Hay acontecimientos en nuestra vida que dejan una huella imborrable y nos marcan para el resto de nuestra existencia.
Algunos pueden ser vistos como buenos, tal es el caso de un matrimonio, el nacimiento de los hijos, el cambio de residencia o cierto logro profesional, en fin; pero hay otros de los que no nos gusta hablar y que por más que deseemos evitarlos, la vida de vez en cuando nos enfrenta a ellos y nos planta una cara que no conocíamos, me refiero a la muerte y más en específico al fallecimiento de un ser querido.
Antes, no podía imaginar lo que algunos compañeros o amigos sentían cuando lamentablemente fallecía algún familiar o ser querido, era para mí impensable el que una situación así me sucediera, lo cual pues era claramente un terrible error.
El ciclo de la vida no puede frenarse, todos estamos en este mundo por un propósito y una razón, pero también todos en algún momento dado debemos de partir y es aquí donde por más que lo pensemos, lo esperemos o lo estudiemos, jamás estaremos preparados para experimentar el dolor que se siente cuando tu ser querido parte o trasciende a otras instancias.
Respetando todas las creencias, yo soy católico y tengo la Fe y la esperanza de que al dejar este plano estaremos junto a nuestro creador en una estancia mejor y que las cosas ahí cambiarán y serán más alegres o felices, eso lo dictan mis creencias y claro que debiera ser motivo de gran regocijo cuando sabes que tu ser querido está ya disfrutando de estos dones.
Pero por más que lo pienso y que trato de convencerme de que esto así es, no puedo quitarme el gran dolor que siento por saber que jamás en este plano existencial podre volver a mi madre.
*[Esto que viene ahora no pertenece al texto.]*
(* Rank-nullity as an inequality: if an additive map f sends V into A, then
   |V| <= |A| |ker f|, since each fiber of f is a translate of the kernel. *)
Lemma card_le_image_ker (V W : finZmodType) (f : V -> W) (A : {pred W}) :
  {morph f : x y / x - y} -> (forall x, f x \in A) ->
  (#|V| <= #|A| * #|[pred x | f x == 0%R]|)%N.
Proof.
move=> fB fA; rewrite -sum1_card (partition_big f (mem A)) //=.
rewrite -sum_nat_const; apply: leq_sum => a _; rewrite sum1_card.
case: (pickP [pred x | f x == a]) => [x0 /eqP fx0 | no_x]; last first.
  by rewrite (eq_card0 (fun x => no_x x)).
rewrite -(card_imset [pred x | f x == a] (subIr x0)).
apply: subset_leq_card; apply/subsetP => _ /imsetP[x /eqP fx ->].
by rewrite inE fB fx fx0 subrr.
Qed.

Section CubicExtension.
Variables (F : finFieldType) (e : nat).
Hypotheses (e_gt0 : (0 < e)%N) (cardF : #|F| = ((2 ^ e) ^ 3)%N).
Local Notation Q := (2 ^ e)%N.
Implicit Types x y l : F.

Lemma pcharF2 : (2 \in [pchar F])%N.
Proof. by apply: (@card_finPcharP _ _ (e * 3)); rewrite // cardF expnM. Qed.

Lemma Q_gt1 : (1 < Q)%N.
Proof. by rewrite -{1}(expn0 2) ltn_exp2l. Qed.

Definition sigma x := x ^+ Q.

Lemma sigmaD x y : sigma (x + y) = sigma x + sigma y.
Proof. exact: frob2D pcharF2 _ _ _. Qed.

Lemma sigmaM x y : sigma (x * y) = sigma x * sigma y.
Proof. exact: exprMn. Qed.

Lemma sigmaX x n : sigma (x ^+ n) = sigma x ^+ n.
Proof. exact: exprAC. Qed.

Lemma sigma3 x : sigma (sigma (sigma x)) = x.
Proof. by rewrite /sigma -!exprM -[RHS](expf_card x) cardF !expnS expn0 muln1 mulnA. Qed.

Lemma sigmaV x : sigma x^-1 = (sigma x)^-1.
Proof. exact: exprVn. Qed.

Lemma sigma0 : sigma 0 = 0.
Proof. by rewrite /sigma expr0n expn_eq0. Qed.

Lemma sigma_eq0 x : (sigma x == 0) = (x == 0).
Proof. by rewrite /sigma expf_eq0 expn_gt0. Qed.

Definition FQ := [pred l : F | sigma l == l].

Lemma FQP l : reflect (sigma l = l) (l \in FQ).
Proof. exact: eqP. Qed.

Definition Tker := [pred x : F | inT Q x].

Lemma relTrE x : relTr Q x = x + sigma x + sigma (sigma x).
Proof. by rewrite /relTr /sigma -exprM expnS expn1. Qed.

Lemma relTrD x y : relTr Q (x + y) = relTr Q x + relTr Q y.
Proof. rewrite !relTrE !sigmaD; ring. Qed.

Lemma relTrB x y : relTr Q (x - y) = relTr Q x - relTr Q y.
Proof. by rewrite !(oppr_pchar2 pcharF2) relTrD. Qed.

Lemma relTr_sigma x : relTr Q (sigma x) = relTr Q x.
Proof. by rewrite !relTrE sigma3 addrC addrA. Qed.

Lemma relTr_FQ x : relTr Q x \in FQ.
Proof. by apply/FQP; rewrite -[RHS]relTr_sigma !relTrE !sigmaD. Qed.

Lemma relTrZ l x : l \in FQ -> relTr Q (l * x) = l * relTr Q x.
Proof. by move/FQP => sl; rewrite !relTrE !sigmaM !sl; ring. Qed.

(* |K| <= Q, since K consists of roots of X^Q - X. *)
Lemma card_FQ_le : (#|FQ| <= Q)%N.
Proof.
have sizeP : size ('X^Q - 'X : {poly F}) = Q.+1.
  by rewrite size_polyDl ?size_polyXn // size_polyN size_polyX ltnS Q_gt1.
have := @card_roots_lt F ('X^Q - 'X); rewrite sizeP -size_poly_eq0 sizeP ltnS.
move=> /(_ isT); apply: leq_trans; apply: subset_leq_card; apply/subsetP => x.
by rewrite !inE /root !hornerE subr_eq0.
Qed.

(* |T| <= Q^2, since T consists of roots of X^(Q^2) + X^Q + X. *)
Lemma card_Tker_le : (#|Tker| <= Q ^ 2)%N.
Proof.
have size1 : size ('X + 'X^Q : {poly F}) = Q.+1.
  by rewrite addrC size_polyDl size_polyXn // size_polyX ltnS Q_gt1.
have sizeP : size ('X^(Q ^ 2) + ('X + 'X^Q) : {poly F}) = (Q ^ 2).+1.
  rewrite size_polyDl size_polyXn // size1 ltnS expnS expn1.
  by rewrite -{1}(mul1n Q) ltn_mul2r Q_gt1 (ltnW Q_gt1).
have := @card_roots_lt F ('X^(Q ^ 2) + ('X + 'X^Q)).
rewrite sizeP -size_poly_eq0 sizeP ltnS => /(_ isT); apply: leq_trans.
apply: subset_leq_card; apply/subsetP => x.
rewrite !inE /inT /root /relTr !hornerE => /eqP Tx.
by apply/eqP; rewrite /= -Tx; ring.
Qed.
Definition ind (R : numDomainType) (T : finType) (A : {set T}) (k : T) : R :=
  if k \in A then 1 else 0.

(* the vertex |B|/n 1_A - |A|/n 1_B of S_sigma attached to the side A (B = ~: A) *)
Definition split_vertex (R : numFieldType) (T : finType) (A : {set T}) (k : T) : R :=
  (#|~: A|%:R / #|T|%:R) * ind R A k - (#|A|%:R / #|T|%:R) * ind R (~: A) k.

Definition in_S_sigma (R : numFieldType) (T : finType) (s : {set {set T}})
  (p : T -> R) : Prop :=
  exists lam : {set T} -> R,
    (forall A, A \in s -> 0 <= lam A) /\ \sum_(A in s) lam A = 1 /\
    (forall k, p k = \sum_(A in s) lam A * split_vertex R A k).

Definition LIP (R : numDomainType) (T : finType) (d : T -> T -> R) (x : T -> R) : Prop :=
  \sum_(i : T) x i = 0 /\ (forall i j, x i - x j <= d i j).

Definition in_minkowski_sum (R : numFieldType) (T : finType)
  (S : {set {set {set T}}}) (alpha : {set {set T}} -> R) (x : T -> R) : Prop :=
  exists p : {set {set T}} -> T -> R,
    (forall s, s \in S -> in_S_sigma s (p s)) /\
    (forall k, x k = \sum_(s in S) alpha s * p s k).

From HB Require Import structures.
From mathcomp Require Import all_boot all_order all_algebra ring lra.
Import Order.TTheory GRing.Theory Num.Theory.
Local Open Scope ring_scope.

(* A point of the Minkowski sum
   satisfies the Lipschitz condition because a point of S_sigma varies by at
   most delta_sigma.  Conversely, given x in LIP(X, d_alpha), pick a split
   A|B of weight a and let d' be the metric of the remaining splits; since they
   are compatible with A|B, d' satisfies a four-point inequality across the
   cut, which is exactly what is needed to find m in [-a, a] such that
   x - m 1_A is Lipschitz for d'.  Induction on the split system writes x as
   a constant plus a combination of the 1_A with coefficients alpha_sigma t_sigma,
   |t_sigma| <= 1, and the zero-sum condition turns each 1_A into the vertex
   of S_sigma attached to A, scaled by t_sigma. *)

Definition is_lipschitz {R : numDomainType} {T : Type}
    (d : T -> T -> R) (x : T -> R) :=
  forall i j, x i - x j <= d i j.

Definition split_side {T : finType} (s : {set {set T}}) : {set T} :=
  odflt set0 [pick A in s].

Section Splits.
Context {R : realFieldType} {T : finType}.
Implicit Types (A C : {set T}) (s : {set {set T}}) (S : {set {set {set T}}}).

Lemma split_sideP {s} : is_split s ->
  [/\ s = [set split_side s; ~: split_side s], split_side s != set0
    & ~: split_side s != set0].
Proof.
case/existsP => C /and3P [/eqP -> C0 CC0].
rewrite /split_side; case: pickP => [A /=|noA]; last first.
  by have := noA C; rewrite !inE eqxx.
by rewrite !inE => /orP [/eqP ->|/eqP ->]; rewrite ?setCK ?[[set ~: C; C]]setUC.
Qed.

Lemma split_deltaE C i j :
  split_delta R [set C; ~: C] i j = ((i \in C) != (j \in C))%:R.
Proof.
rewrite /split_delta; case: existsP => [[B /and3P []]|noB].
  rewrite !inE => /orP [] /eqP ->; rewrite ?inE; first by move=> -> ->.
  by move=> /negbTE -> /negbTE ->.
case iC: (i \in C); case jC: (j \in C) => //.
  by case: noB; exists C; rewrite !inE eqxx iC jC.
by case: noB; exists (~: C); rewrite !inE eqxx iC jC orbT.
Qed.
Lemma countUpTo_predC (A : nat -> bool) N :
  countUpTo A N + countUpTo (fun k => ~~ A k) N = N.
Proof.
rewrite /countUpTo -big_split /= (eq_bigr (fun _ => 1)); last by move=> k _; case: (A k).
by rewrite sum_nat_const_nat muln1 subn1.
Qed.

Lemma countUpTo_leN A N : countUpTo A N <= N.
Proof.
apply: (leq_trans (leq_addr (countUpTo (fun k => ~~ A k) N) _)).
by rewrite countUpTo_predC.
Qed.

Lemma countUpTo_le_add (A B C : nat -> bool) N :
  (forall k, 0 < k -> k <= N -> A k <= B k + C k) ->
  countUpTo A N <= countUpTo B N + countUpTo C N.
Proof.
move=> H; rewrite /countUpTo -big_split /= big_nat_cond [X in _ <= X]big_nat_cond.
by apply: leq_sum => k /andP [/andP [k1 kN] _]; apply: H.
Qed.

Lemma countUpTo_gt0 (A : nat -> bool) N k : 0 < k -> k <= N -> A k -> 0 < countUpTo A N.
Proof.
move=> k0 kN Ak; rewrite /countUpTo (bigD1_seq k) /= ?Ak //; last exact: iota_uniq.
by rewrite mem_index_iota k0 ltnS.
Qed.

Lemma countUpTo_dvdn d N : countUpTo (fun k => d %| k) N = N %/ d.
Proof.
rewrite /countUpTo; case: (posnP d) => [->|d0].
  rewrite divn0 big_nat_cond big1 // => k /andP [/andP [k1 _] _].
  by rewrite dvd0n; case: k k1.
elim: N => [|N IH]; first by rewrite big_geq // div0n.
by rewrite big_nat_recr //= IH divnS // addnC.
Qed.

Lemma countUpTo_le_sum_divn (A : nat -> bool) N a b (f : nat -> nat) :
  (forall k, 0 < k -> k <= N -> A k -> exists2 j, a <= j < b & f j %| k) ->
  countUpTo A N <= \sum_(a <= j < b) N %/ f j.
Proof.
move=> cover; rewrite (eq_bigr (fun j => countUpTo (fun k => f j %| k) N));
  last by move=> j _; rewrite countUpTo_dvdn.
rewrite exchange_big /= /countUpTo big_nat_cond [X in _ <= X]big_nat_cond.
apply: leq_sum => k /andP [/andP [k1 kN] _].
case Ak: (A k) => //=; have [j jab dj] := cover k k1 kN Ak.
by rewrite (bigD1_seq j) /= ?dj ?mem_index_iota //; exact: iota_uniq.
Qed.

Lemma countUpTo_shift (B : nat -> bool) Q N : periodic B Q ->
  countUpTo B (Q + N) = countUpTo B Q + countUpTo B N.
Proof.
move=> perB; rewrite /countUpTo (big_cat_nat _ (n := Q.+1)) //=; last lia.
congr (_ + _); rewrite -addn1 addnC big_addn.
have -> : (Q + N).+1 - Q = N.+1 by lia.
by apply: eq_bigr => k _; rewrite perB.
Qed.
Y es que, a unos días de su partida, la espera para poder volver a escucharle hablar, reír o incluso regañarme, se hace interminable y agónica, nadie nos enseña que hacer cuando estas cosas suceden, no sabemos cómo reaccionar e incluso estoy seguro que una parte de mi aún está en la negación de aceptar su partida.
Pero la realidad así es, dura e inflexible como ella misma, restregándome lo que no hice, lo que dejé de hacer o lo que pude haber hecho.
Son muchas las interrogantes, las dudas, las respuestas automáticas, los miedos o las conclusiones que uno toma acorde al sentimiento que está viviendo, pero en ese momento lo más importante para el doliente es saber que su ser querido está bien, que lo perdona y que puede estar en paz, al menos hasta el momento del reencuentro.
Por eso le pedimos o imploramos al cielo que nos mande una señal, la que sea, para encontrar esa paz y ese consuelo que mitigue la angustia de no saber qué ha sucedido con nuestros seres queridos.
Dios sabe que en estos días he renegado, llorado, gritado en silencio y he exigido esa señal o esa prueba. Prueba que a mis ojos no llega, o al menos eso pensaba yo.
Esperaba una prueba mágica o una señal en el cielo, una luz o algo sobrenatural, y estaba buscando en el lugar equivocado.
Fue entonces que comprendí que en al sentir el cariño de la gente que nos rodea, la familia, los amigos, el recibir sus abrazos de consuelo y afecto, sus frases de aliento, ahí es donde podemos encontrar esa señal de que todo está bien, es en ellos y a través de ellos que nuestros seres que partieron se manifiestan y desde la eternidad nos envían el mensaje de que se encuentran bien.
El dolor jamás se irá, aprenderemos a vivir así, pero el cariño y afecto de nuestros seres que partieron, se manifiesta siempre a través de las obras y trato de la gente que nos rodea.
Descansa en paz Mamá y échale muchas ganas en donde estés, que acá nosotros haremos lo mismo y ojalá muy pronto Dios permita que podamos volver a vernos. QEPD.